## [Your objective]
Check each line of the material below for "Hode", then copy the ones that contain it.

## [Extracted data]
^^^^

Lemma time_equation_first_integral (s : R) : Rabs (s - t0) < e ->
  Derive f s = Derive f t0 / clock_rate v phi t0 * clock_rate v phi s.
Proof.
set (G := fun u => Derive f u * (sqrt (v u) * (phi u * sqrt (phi u)))).
assert (HG : forall u, Rabs (u - t0) < e -> is_derive G u 0).
{ intros u Hu. destruct (Hvphi u Hu) as [Hv [Hp [Hdv Hdp]]].
  rewrite <- (Rmult_0_l (sqrt (phi u) / (2 * sqrt (v u)))), <- (Hode u Hu).
  apply is_derive_integrating_factor; try assumption.
  apply Derive_correct, Hf, Hu. }
assert (HGw : forall u, Rabs (u - t0) < e -> Derive f u = G u * clock_rate v phi u).
{ intros u Hu. destruct (Hvphi u Hu) as [Hv [Hp _]].
  pose proof (sqrt_lt_R0 _ Hv). pose proof (sqrt_lt_R0 _ Hp).
  unfold G, clock_rate. field. nonzero. }
intros Hs. assert (Ht0 : Rabs (t0 - t0) < e) by (rewrite Rminus_eq_0, Rabs_R0; pose proof (Rabs_pos (s - t0)); lra).
rewrite (HGw s Hs), (HGw t0 Ht0), (is_derive_zero_ball_const G t0 e HG s Hs).
field. apply Rgt_not_eq, clock_rate_pos, Ht0.
Qed.

Lemma time_equation_solution (t : R) : Rabs (t - t0) < e ->
  f t = f t0 + Derive f t0 / clock_rate v phi t0 * new_time v phi t0 t.
Proof.
set (c := Derive f t0 / clock_rate v phi t0).
assert (HF : forall s, Rabs (s - t0) < e -> is_derive (fun u => f u - c * new_time v phi t0 u) s 0).
{ intros s Hs. replace 0 with (Derive f s - c * clock_rate v phi s)
    by (rewrite (time_equation_first_integral s Hs); unfold c; ring).
  apply (is_derive_minus f); [apply Derive_correct, Hf, Hs|].
  apply is_derive_scal, is_derive_new_time, Hs. }
intros Ht. pose proof (is_derive_zero_ball_const _ t0 e HF t Ht) as Hc.
unfold new_time in Hc at 2. rewrite RInt_point in Hc. change (zero : R) with 0 in Hc. lra.
Qed.

End TimeEquation.

Lemma pullback_metricA_product (phit Qt T Rr : R -> R) (lam t r x y : R) (a b : nat) :
  (a < 4)%nat -> (b < 4)%nat ->
  pullback (metricA phit Qt)
    (fun z => mkpt (T (z 0%nat)) (Rr (z 1%nat)) (lam * z 2%nat) (lam * z 3%nat)) a b (mkpt t r x y)
  = match a, b with
    | 0%nat, 0%nat => - phit (T t) ^ 3 * Derive T t ^ 2
    | 1%nat, 1%nat => phit (T t) * (T t * Qt (Rr r) + 1) ^ 2 * Derive Rr r ^ 2
    | 2%nat, 2%nat | 3%nat, 3%nat => lam ^ 2 * phit (T t)
    | _, _ => 0
    end.
Proof.
assert (Dlam : forall s, Derive (Rmult lam) s = lam).
{ intro s. apply is_derive_unique. change (Rmult lam) with (fun u => lam * u). auto_derive; [auto | ring]. }
intros Ha Hb.
destruct a as [|[|[|[|a]]]]; [..|lia]; destruct b as [|[|[|[|b]]]]; try lia;
unfold pullback, sum4, pd, upd, metricA; simpl; eta_reduce; rewrite ?Dlam, ?Derive_const; ring.
Qed.

Lemma metricB_eq_pullback_metricA (v phi phit Qt T Rr A C : R -> R) (alpha : R -> R -> R)
    (t r x y : R) (a b : nat) :
  (a < 4)%nat -> (b < 4)%nat -> 0 < v t -> 0 < phi t ->
  Derive T t = clock_rate v phi t -> Derive Rr r = A r -> A r <> 0 ->
  phit (T t) = phi t -> Qt (Rr r) = C r / A r -> alpha t r = A r + C r * T t ->
  metricB v phi alpha a b (mkpt t r x y)
  = pullback (metricA phit Qt)
      (fun z => mkpt (T (z 0%nat)) (Rr (z 1%nat)) (1 * z 2%nat) (1 * z 3%nat)) a b (mkpt t r x y).
Proof.
intros Ha Hb Hv Hp DT DR HA PT QR Hal.
rewrite pullback_metricA_product, DT, DR, PT, QR by assumption.
pose proof (sqrt_lt_R0 _ Hv). pose proof (sqrt_lt_R0 _ Hp).
pose proof (sqrt_sqrt _ (Rlt_le _ _ Hv)) as Hsv. pose proof (sqrt_sqrt _ (Rlt_le _ _ Hp)) as Hsp.
unfold clock_rate. set (sv := sqrt (v t)) in *. set (sp := sqrt (phi t)) in *.
destruct a as [|[|[|[|a]]]]; [..|lia]; destruct b as [|[|[|[|b]]]]; try lia;
unfold metricB; simpl; rewrite ?Hal, <- ?Hsv, <- ?Hsp; field; nonzero.
Qed.
Lemma metricB_locally_pullback_metricA (lo hi : Rbar) (v phi : R -> R) (alpha : R -> R -> R) (t0 r0 : R) :
  (forall t, in_I lo hi t -> 0 < v t /\ 0 < phi t /\ ex_derive v t /\ ex_derive phi t) ->
  (forall t r, in_I lo hi t ->
     ex_derive (fun s => alpha s r) t /\ ex_derive (Derive (fun s => alpha s r)) t) ->
  (forall t r, in_I lo hi t ->
     2 * v t * phi t * Derive (Derive (fun s => alpha s r)) t
     + (Derive v t * phi t + 3 * v t * Derive phi t) * Derive (fun s => alpha s r) t = 0) ->
  (forall r, continuous (alpha t0) r) ->
  in_I lo hi t0 -> alpha t0 r0 <> 0 ->
  exists eps (T Rr phit Qt : R -> R) (k lam : R),
    0 < eps /\ 0 < k /\ 0 < lam /\
    (forall t, Rabs (t - t0) < eps ->
       in_I lo hi t /\ ex_derive T t /\ Derive T t <> 0 /\
       0 < phit (T t) /\ phit (T t) = k * phi t) /\
    (forall r, Rabs (r - r0) < eps -> ex_derive Rr r /\ Derive Rr r <> 0) /\
    (forall t r x y, Rabs (t - t0) < eps -> Rabs (r - r0) < eps ->
       forall a b, (a < 4)%nat -> (b < 4)%nat ->
         metricB v phi alpha a b (mkpt t r x y)
         = pullback (metricA phit Qt)
             (fun z => mkpt (T (z 0%nat)) (Rr (z 1%nat)) (lam * z 2%nat) (lam * z 3%nat))
             a b (mkpt t r x y)).
Proof.
intros Hvphi Halpha Hode HA Ht0 HA0.
destruct (locally_in_I lo hi t0 Ht0) as [e1 He1].
destruct (HA r0 _ (open_neq 0 _ HA0)) as [e2 He2].
assert (He : 0 < Rmin e1 e2) by (apply Rmin_pos; apply cond_pos).
pose proof (Rmin_l e1 e2) as He_1. pose proof (Rmin_r e1 e2) as He_2.
set (e := Rmin e1 e2) in *.
assert (HtI : forall t, Rabs (t - t0) < e -> in_I lo hi t)
  by (intros t Ht; apply He1; change (Rabs (t - t0) < e1); lra).
assert (HAnz : forall r, Rabs (r - r0) < e -> alpha t0 r <> 0)
  by (intros r Hr; apply He2; change (Rabs (r - r0) < e2); lra).
clearbody e.
set (T := new_time v phi t0).
set (Rr := fun r => RInt (alpha t0) r0 r).
set (C := fun r => Derive (fun s => alpha s r) t0 / clock_rate v phi t0).
assert (Hvphi_e : forall s, Rabs (s - t0) < e -> 0 < v s /\ 0 < phi s /\ ex_derive v s /\ ex_derive phi s)
  by (intros s Hs; apply Hvphi, HtI, Hs).
assert (HTd : forall t, Rabs (t - t0) < e -> is_derive T t (clock_rate v phi t))
  by exact (is_derive_new_time v phi t0 e Hvphi_e).
assert (HRd : forall r, is_derive Rr r (alpha t0 r)).
{ intro r. apply (is_derive_RInt_ball _ r0 (Rabs (r - r0) + 1)); [intros; apply HA | lra]. }
assert (Hal : forall t r, Rabs (t - t0) < e -> alpha t r = alpha t0 r + C r * T t).
{ intros t r Ht. apply (time_equation_solution v phi t0 e Hvphi_e (fun s => alpha s r)); [| | exact Ht].
  - intros s Hs. apply Halpha, HtI, Hs.
  - intros s Hs. apply Hode, HtI, Hs. }
destruct (injective_on_left_inverse (fun u => Rabs (u - t0) < e) T
  (is_derive_neq0_ball_inj T _ t0 e HTd (fun u Hu => Rgt_not_eq _ _ (clock_rate_pos v phi t0 e Hvphi_e u Hu))))
  as [Tinv HTinv].
destruct (injective_on_left_inverse (fun u => Rabs (u - r0) < e) Rr
  (is_derive_neq0_ball_inj Rr _ r0 e (fun u _ => HRd u) HAnz)) as [Rinv HRinv].
exists e, T, Rr, (fun s => phi (Tinv s)), (fun s => C (Rinv s) / alpha t0 (Rinv s)), 1, 1.
split; [exact He|]. split; [lra|]. split; [lra|]. split; [|split].
- intros t Ht. rewrite HTinv, (is_derive_unique _ _ _ (HTd t Ht)) by exact Ht.
  split; [apply HtI, Ht|]. split; [exists (clock_rate v phi t); apply HTd, Ht|].
  split; [apply Rgt_not_eq, (clock_rate_pos v phi t0 e Hvphi_e), Ht|].
  split; [apply (Hvphi_e t Ht) | ring].
- intros r Hr. rewrite (is_derive_unique _ _ _ (HRd r)).
  split; [exists (alpha t0 r); apply HRd | apply HAnz, Hr].
- intros t r x y Ht Hr a b Ha Hb.
  destruct (Hvphi_e t Ht) as [Hv [Hp _]].
  apply (metricB_eq_pullback_metricA v phi _ _ T Rr (alpha t0) C); auto.
  + apply is_derive_unique, HTd, Ht.
  + apply is_derive_unique, HRd.
  + rewrite HTinv by exact Ht. reflexivity.
  + rewrite HRinv by exact Hr. reflexivity.
Qed.

Lemma affine_in_Q_regular (lo hi : Rbar) (al1 al2 : R -> R) (q t : R) :
  (forall s, in_I lo hi s ->
     ex_derive al1 s /\ ex_derive (Derive al1) s /\ ex_derive al2 s /\ ex_derive (Derive al2) s) ->
  in_I lo hi t ->
  ex_derive (fun s => al1 s + al2 s * q) t /\ ex_derive (Derive (fun s => al1 s + al2 s * q)) t.
Proof.
intros Hal Ht. destruct (Hal t Ht) as [H1 [H1' [H2 H2']]].
split; [auto_derive; auto|].
apply (ex_derive_ext_loc (fun s => Derive al1 s + Derive al2 s * q)); [|auto_derive; auto].
apply (filter_imp (in_I lo hi)); [|exact (locally_in_I lo hi t Ht)].
intros s Hs. destruct (Hal s Hs) as [Hs1 [_ [Hs2 _]]].
symmetry. apply is_derive_unique. auto_derive; [auto | eta_reduce; ring].
Qed.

^^^^

## [Result of the exercise]
  rewrite <- (Rmult_0_l (sqrt (phi u) / (2 * sqrt (v u)))), <- (Hode u Hu).
intros Hvphi Halpha Hode HA Ht0 HA0.
  - intros s Hs. apply Hode, HtI, Hs. }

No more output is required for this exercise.